Henry Miller (Sexus (Fragmento))

ESTE JUDÍO NEOYORKINO nacido en 1891 se formó en la dura escuela de la calle e hizo de Brooklyn el primer escenario de su errancia, rebeldía educativa, trabajos ocasionales, incluso la sastrería de su padre, apertura de una taberna clandestina y viaje a Europa. Allí en Francia, en 1931, comienza a escribir Trópico de cáncer. Una revolución en la promesa, húmeda e incandescente, donde la brutalidad estremece en sus arpegios, tan líricos como crudos.

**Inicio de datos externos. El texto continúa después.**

Lemma cvg_series_onto_prob S : (#|S| < #|T|)%N ->
  series (onto_prob S) @ \oo --> (('C(#|T|.-1, #|S|)%:R)^-1 : R).
Proof.
have [m] := ubnP #|S|; elim: m S => // m IHm S Sm ST.
set c : R := ('C(#|T|.-1, #|S|.-1)%:R)^-1.
suff -> : ('C(#|T|.-1, #|S|)%:R)^-1 =
    (onto_prob S 0 * #|T|%:R + #|S|%:R * c) / (#|T|%:R - #|S|%:R).
  apply: cvg_series_onto_prob_rec => // x xS.
  have cardS : #|S| = #|S :\ x|.+1 by rewrite (cardsD1 x) xS.
  by rewrite /c cardS /=; apply: IHm; lia.
rewrite /onto_prob nb_tuples_onto0 expn0 divr1 /c.
case: #|S| ST => [ST | s sT] /=.
  by rewrite bin0 mul0r addr0 subr0 mul1r invr1 divff // pnatr_eq0 -lt0n.
by rewrite mul0r add0r binomial_inv_step.
Qed.

End OntoProbability.

Section ExpectedDraws.
Variables (R : realType) (F : finFieldType) (k n d : nat) (G : 'M[F]_(k, n)).

Definition prob_first_span_gt t : R := (nb_not_spanning G t)%:R / (n ^ t)%:R.

Lemma prob_first_spanS t : (0 < n)%N ->
  prob_first_span G t.+1 = prob_first_span_gt t - prob_first_span_gt t.+1.
Proof.
move=> n_gt0; rewrite /prob_first_span /prob_first_span_gt.
have -> : (nb_first_span G t.+1)%:R =
    (n * nb_not_spanning G t)%:R - (nb_not_spanning G t.+1)%:R :> R.
  by rewrite -(nb_first_spanS G t) natrD addrK.
rewrite expnS !natrM; field.
by rewrite !pnatr_eq0 -!lt0n n_gt0 expn_gt0 n_gt0.
Qed.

Después, en 1939, Trópico de Capricornio, sigue explorando esa veta, y lo lleva a recibir cartas de admiradores como Lawrence Durrell (El Cuarteto de Alejandría)que lo consideran "la única obra de talla verdaderamente humana de la que este siglo puede vanagloriarse". La estadía en Grecia con este nuevo amigo daría pie a El coloso Masurí, Un bello libro de viajes. Pero otra vertiente de Miller, su feroz y descarnada crítica de la sociedad norteamericana, lo erige en gurú atrayente para la generación hippie. La película que recordó su relación con Anais Nin fijó aún más su fama. Pero ella tiene una base real en la prosa desatada de estas dos obras fulgurantes. Los Trópicos. Y otros como Sexus y Nexus. El fragmento incluido forma parte de la amplia antología de su obra titulada Genio y lujuria, Barcelona, Grijalbo, 1979.



SEXUS (fragmento)

Permanecimos sentados de este modo durante algunos minutos, sin que ninguno de los dos atreviese a alzar la mirada. Oí un respingo y, al levantar los ojos, vi su rostro temblando de dolor. Estiró los brazos sobre la mesa y, sollozando y lloriqueando, agachó la cabeza, apretando la cara contra la mesa. La había visto llorar muchas veces pero aquel era el tipo de rendición más horrible e irresistible. Me enervaba. Fui hasta su lado y le coloqué la mano en el hombro. Intenté decir algo, pero las palabras se me atragantaron en la garganta. No sabiendo qué hacer, le froté el cabello con la mano, acariciándoselo tristemente, distante, como si se tratara de la cabeza de un extraño animal herido que me hubiese encontrado en la oscuridad.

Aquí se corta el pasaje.